### Records excerpted from a collection
++++++++

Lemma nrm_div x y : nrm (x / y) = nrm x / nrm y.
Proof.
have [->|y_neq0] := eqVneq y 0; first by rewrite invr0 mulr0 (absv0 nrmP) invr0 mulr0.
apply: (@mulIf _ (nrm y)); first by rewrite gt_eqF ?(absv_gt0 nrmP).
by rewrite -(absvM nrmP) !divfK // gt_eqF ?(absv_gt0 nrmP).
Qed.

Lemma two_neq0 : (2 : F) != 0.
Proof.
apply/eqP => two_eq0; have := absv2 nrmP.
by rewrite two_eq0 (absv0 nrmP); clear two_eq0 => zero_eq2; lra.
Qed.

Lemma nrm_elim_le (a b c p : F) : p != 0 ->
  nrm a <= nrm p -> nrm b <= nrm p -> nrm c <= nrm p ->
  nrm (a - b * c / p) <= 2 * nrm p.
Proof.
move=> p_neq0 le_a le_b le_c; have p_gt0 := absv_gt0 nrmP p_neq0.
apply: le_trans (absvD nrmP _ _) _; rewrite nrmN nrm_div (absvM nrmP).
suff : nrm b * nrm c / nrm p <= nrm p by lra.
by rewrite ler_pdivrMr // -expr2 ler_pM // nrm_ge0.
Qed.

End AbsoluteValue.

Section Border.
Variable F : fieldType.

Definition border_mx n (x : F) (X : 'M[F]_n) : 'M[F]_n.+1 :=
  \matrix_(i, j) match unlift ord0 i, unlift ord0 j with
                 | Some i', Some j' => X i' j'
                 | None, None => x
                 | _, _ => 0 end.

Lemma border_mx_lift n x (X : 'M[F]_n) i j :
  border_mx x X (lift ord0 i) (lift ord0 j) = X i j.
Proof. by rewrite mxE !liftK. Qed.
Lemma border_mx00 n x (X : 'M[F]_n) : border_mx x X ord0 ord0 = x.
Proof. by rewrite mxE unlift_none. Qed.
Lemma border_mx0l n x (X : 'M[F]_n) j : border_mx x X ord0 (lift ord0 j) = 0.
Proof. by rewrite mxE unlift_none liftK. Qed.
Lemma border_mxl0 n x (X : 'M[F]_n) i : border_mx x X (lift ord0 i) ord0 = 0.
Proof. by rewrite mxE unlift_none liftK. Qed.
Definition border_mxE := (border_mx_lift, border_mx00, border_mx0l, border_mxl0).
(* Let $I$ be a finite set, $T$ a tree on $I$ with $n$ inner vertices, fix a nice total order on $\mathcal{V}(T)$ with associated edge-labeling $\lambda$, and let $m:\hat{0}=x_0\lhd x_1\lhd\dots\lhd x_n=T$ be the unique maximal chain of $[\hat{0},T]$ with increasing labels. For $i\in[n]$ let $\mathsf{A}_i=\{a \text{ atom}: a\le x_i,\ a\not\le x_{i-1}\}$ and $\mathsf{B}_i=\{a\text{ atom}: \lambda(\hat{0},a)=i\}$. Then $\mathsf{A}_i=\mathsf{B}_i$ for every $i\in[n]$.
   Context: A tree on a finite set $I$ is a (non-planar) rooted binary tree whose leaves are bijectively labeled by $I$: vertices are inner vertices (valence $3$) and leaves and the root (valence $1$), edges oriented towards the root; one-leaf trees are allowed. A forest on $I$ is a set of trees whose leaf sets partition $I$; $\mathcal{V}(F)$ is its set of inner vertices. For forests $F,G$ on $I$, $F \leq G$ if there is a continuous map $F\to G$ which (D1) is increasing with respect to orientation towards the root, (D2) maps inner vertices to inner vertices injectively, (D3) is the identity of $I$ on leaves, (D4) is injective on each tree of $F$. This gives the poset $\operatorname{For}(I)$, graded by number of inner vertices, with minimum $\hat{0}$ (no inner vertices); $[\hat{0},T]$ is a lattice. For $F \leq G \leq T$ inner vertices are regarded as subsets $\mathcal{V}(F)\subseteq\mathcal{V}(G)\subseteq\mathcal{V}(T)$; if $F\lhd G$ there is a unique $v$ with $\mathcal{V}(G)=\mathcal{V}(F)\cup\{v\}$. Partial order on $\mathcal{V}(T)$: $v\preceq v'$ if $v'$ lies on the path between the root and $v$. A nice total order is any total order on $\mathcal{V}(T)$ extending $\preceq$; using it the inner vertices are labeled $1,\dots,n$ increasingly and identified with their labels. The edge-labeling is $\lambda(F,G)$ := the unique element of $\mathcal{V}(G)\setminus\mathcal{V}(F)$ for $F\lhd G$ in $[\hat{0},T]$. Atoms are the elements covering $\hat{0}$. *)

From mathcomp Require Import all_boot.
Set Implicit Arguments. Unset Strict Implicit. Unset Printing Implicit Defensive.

++++++++

### WORK INSTRUCTION
Nothing added, nothing dropped: copy the data above.

### ANSWER SECTION
Lemma nrm_div x y : nrm (x / y) = nrm x / nrm y.
Proof.
have [->|y_neq0] := eqVneq y 0; first by rewrite invr0 mulr0 (absv0 nrmP) invr0 mulr0.
apply: (@mulIf _ (nrm y)); first by rewrite gt_eqF ?(absv_gt0 nrmP).
by rewrite -(absvM nrmP) !divfK // gt_eqF ?(absv_gt0 nrmP).
Qed.

Lemma two_neq0 : (2 : F) != 0.
Proof.
apply/eqP => two_eq0; have := absv2 nrmP.
by rewrite two_eq0 (absv0 nrmP); clear two_eq0 => zero_eq2; lra.
Qed.

Lemma nrm_elim_le (a b c p : F) : p != 0 ->
  nrm a <= nrm p -> nrm b <= nrm p -> nrm c <= nrm p ->
  nrm (a - b * c / p) <= 2 * nrm p.
Proof.
move=> p_neq0 le_a le_b le_c; have p_gt0 := absv_gt0 nrmP p_neq0.
apply: le_trans (absvD nrmP _ _) _; rewrite nrmN nrm_div (absvM nrmP).
suff : nrm b * nrm c / nrm p <= nrm p by lra.
by rewrite ler_pdivrMr // -expr2 ler_pM // nrm_ge0.
Qed.

End AbsoluteValue.

Section Border.
Variable F : fieldType.

Definition border_mx n (x : F) (X : 'M[F]_n) : 'M[F]_n.+1 :=
  \matrix_(i, j) match unlift ord0 i, unlift ord0 j with
                 | Some i', Some j' => X i' j'
                 | None, None => x
                 | _, _ => 0 end.

Lemma border_mx_lift n x (X : 'M[F]_n) i j :
  border_mx x X (lift ord0 i) (lift ord0 j) = X i j.
Proof. by rewrite mxE !liftK. Qed.
Lemma border_mx00 n x (X : 'M[F]_n) : border_mx x X ord0 ord0 = x.
Proof. by rewrite mxE unlift_none. Qed.
Lemma border_mx0l n x (X : 'M[F]_n) j : border_mx x X ord0 (lift ord0 j) = 0.
Proof. by rewrite mxE unlift_none liftK. Qed.
Lemma border_mxl0 n x (X : 'M[F]_n) i : border_mx x X (lift ord0 i) ord0 = 0.
Proof. by rewrite mxE unlift_none liftK. Qed.
Definition border_mxE := (border_mx_lift, border_mx00, border_mx0l, border_mxl0).
(* Let $I$ be a finite set, $T$ a tree on $I$ with $n$ inner vertices, fix a nice total order on $\mathcal{V}(T)$ with associated edge-labeling $\lambda$, and let $m:\hat{0}=x_0\lhd x_1\lhd\dots\lhd x_n=T$ be the unique maximal chain of $[\hat{0},T]$ with increasing labels. For $i\in[n]$ let $\mathsf{A}_i=\{a \text{ atom}: a\le x_i,\ a\not\le x_{i-1}\}$ and $\mathsf{B}_i=\{a\text{ atom}: \lambda(\hat{0},a)=i\}$. Then $\mathsf{A}_i=\mathsf{B}_i$ for every $i\in[n]$.
   Context: A tree on a finite set $I$ is a (non-planar) rooted binary tree whose leaves are bijectively labeled by $I$: vertices are inner vertices (valence $3$) and leaves and the root (valence $1$), edges oriented towards the root; one-leaf trees are allowed. A forest on $I$ is a set of trees whose leaf sets partition $I$; $\mathcal{V}(F)$ is its set of inner vertices. For forests $F,G$ on $I$, $F \leq G$ if there is a continuous map $F\to G$ which (D1) is increasing with respect to orientation towards the root, (D2) maps inner vertices to inner vertices injectively, (D3) is the identity of $I$ on leaves, (D4) is injective on each tree of $F$. This gives the poset $\operatorname{For}(I)$, graded by number of inner vertices, with minimum $\hat{0}$ (no inner vertices); $[\hat{0},T]$ is a lattice. For $F \leq G \leq T$ inner vertices are regarded as subsets $\mathcal{V}(F)\subseteq\mathcal{V}(G)\subseteq\mathcal{V}(T)$; if $F\lhd G$ there is a unique $v$ with $\mathcal{V}(G)=\mathcal{V}(F)\cup\{v\}$. Partial order on $\mathcal{V}(T)$: $v\preceq v'$ if $v'$ lies on the path between the root and $v$. A nice total order is any total order on $\mathcal{V}(T)$ extending $\preceq$; using it the inner vertices are labeled $1,\dots,n$ increasingly and identified with their labels. The edge-labeling is $\lambda(F,G)$ := the unique element of $\mathcal{V}(G)\setminus\mathcal{V}(F)$ for $F\lhd G$ in $[\hat{0},T]$. Atoms are the elements covering $\hat{0}$. *)

From mathcomp Require Import all_boot.
Set Implicit Arguments. Unset Strict Implicit. Unset Printing Implicit Defensive.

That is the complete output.